Tennessee will be six months old next week. That fact is just unbelievably hard to believe, and I say that not in astonishment about time moving quickly or anything like that but rather in astonishment that we are all still alive six months later.
There have been times when I wanted to chuck Ten off the nearest cliff, leave her on the front stoop for the birds to eat or send her off to live with strangers in a strange place. But those thoughts are just momentary, caused by the unraveling of the knots of sanity in the dark hours of night or the squinting light of some dawn we weren’t looking forward to seeing.
Being a parent to an infant is by far the most challenging thing you will ever see me write about. Breaking up with circle acres? Lame and tame in comparison.

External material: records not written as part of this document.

Lemma enforces_winning Lam phi x0 :
  dra_of_ltl R phi -> enforces Lam x0 phi ->
  winning F mu ((x0, setT), dra_s0 R).
Proof.
move=> HR enf; exists (replay_strategy Lam) => p play.
have [th gam] := adaptive_run_common_param (fun k => (proj1 (proj2 play k))).
have [d x_next] := in_gamma_disturbances gam.
apply/(rabin_ok_play_accepts play)/HR.
apply: (enf th d) x_next; first by rewrite (proj1 play).
exact: replay_strategy_closed_loop.
Qed.

End AdaptiveRabinGame.

Theorem mainTheorem3 (X U Theta D : finType) (F : X -> U -> Theta -> D -> X)
  (m : nat) (mu : 'I_m -> X -> bool) (phi : ltl m) (R : DRA m)
  (HR : dra_of_ltl R phi) (x0 : X) :
  (exists Lam : seq X -> seq U -> U,
     forall (th : Theta) (d : nat -> D) (x : nat -> X) (u : nat -> U),
       x 0 = x0 ->
       (forall k, u k = Lam (mkseq x k.+1) (mkseq u k)) ->
       (forall k, x k.+1 = F (x k) (u k) th (d k)) ->
       ltl_models (fun k => obs mu (x k)) phi)
  <-> X0_max F mu R x0.
Proof.
split=> [[Lam enf] | [_ win]].
  by split; [exact: Xadp_init | exact: enforces_winning enf].
exact: winning_enforces win.
Qed.
Let walk1 b := walk_pick b s1_walk t1_sc.
Let walk2 b := walk_pick b s2_walk t2_sc.
Let walk3 b := walk_pick b s3_walk t3_sc.
Let end1 b : walk_end X0 (pick b t1 s1) = Some X1 := etrans (walk_end_pick b t1_sc) s1_end.
Let end2 b : walk_end X1 (pick b t2 s2) = Some X2 := etrans (walk_end_pick b t2_sc) s2_end.
Let end3 b : walk_end X2 (pick b t3 s3) = Some X3 := etrans (walk_end_pick b t3_sc) s3_end.

Definition variant a b c d :=
  pick a t1 s1 ++ pick b t2 s2 ++ pick c t3 s3 ++ pick d t4 s4 ++ r.

Lemma variant_derivation a b c d : derivation X0 (variant a b c d).
Proof.
rewrite /variant (derivation_cat _ (walk1 a) (end1 a)) (derivation_cat _ (walk2 b) (end2 b)).
rewrite (derivation_cat _ (walk3 c) (end3 c)).
by rewrite (derivation_replace _ (walk_pick d s4_walk t4_sc) s4_walk) ?walk_end_pick.
Qed.

Lemma variant_yield a b c d : yield (variant a b c d) =
  left_ctx (pick a t1 s1) ++ left_ctx (pick b t2 s2) ++ left_ctx (pick c t3 s3) ++
  yield (pick d t4 s4 ++ r) ++
  right_ctx (pick c t3 s3) ++ right_ctx (pick b t2 s2) ++ right_ctx (pick a t1 s1).
Proof.
rewrite /variant (yield_cat _ (walk1 a) (end1 a)) (yield_cat _ (walk2 b) (end2 b)).
by rewrite (yield_cat _ (walk3 c) (end3 c)) !catA.
Qed.

Lemma variant_key a b c d :
  walk_key (variant a b c d) <= walk_key (variant true true true true) ?= iff [&& a, b, c & d].
Proof.
have := walk_key_pick [::] (pick b t2 s2 ++ pick c t3 s3 ++ pick d t4 s4 ++ r) a t1_sc.
move/leqif_trans; apply.
have := walk_key_pick s1 (pick c t3 s3 ++ pick d t4 s4 ++ r) b t2_sc.
move/leqif_trans; apply.
have := walk_key_pick (s1 ++ s2) (pick d t4 s4 ++ r) c t3_sc; rewrite -!catA.
move/leqif_trans; apply.
by have := walk_key_pick (s1 ++ s2 ++ s3) r d t4_sc; rewrite -!catA.
Qed.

There are no short days anymore, no time to relax or even read a book. If I’m not working I’m with Ten or helping with Ten or doing the things that support Ten and support Kristin. If there is a spare minute I’m taking a few pictures or getting around to fermenting some green beans or fetching a ham out of the freezer or rubbing Kristin’s shoulders.
I can see the relationship between myself and Ten starting to take shape, imaging what we will be doing together when she is nine months old, a year old, five years old. I can see her personality foaming and melting and scattering from little fragments of her parents’ own strong wills, desires and work ethic.
Ten has no choice but to become whatever she wants to be, outside of all the cultural baggage and white privilege that she also had no choice about. We can explain to Ten the uselessness of Santa, gender norms and authority while instilling the usefulness of respect, community and DIY. But it will be a constant battle with other parents and society to explain to them that Tennessee is not theirs to mold and shape into a consumer of mediocrity like the rest of us.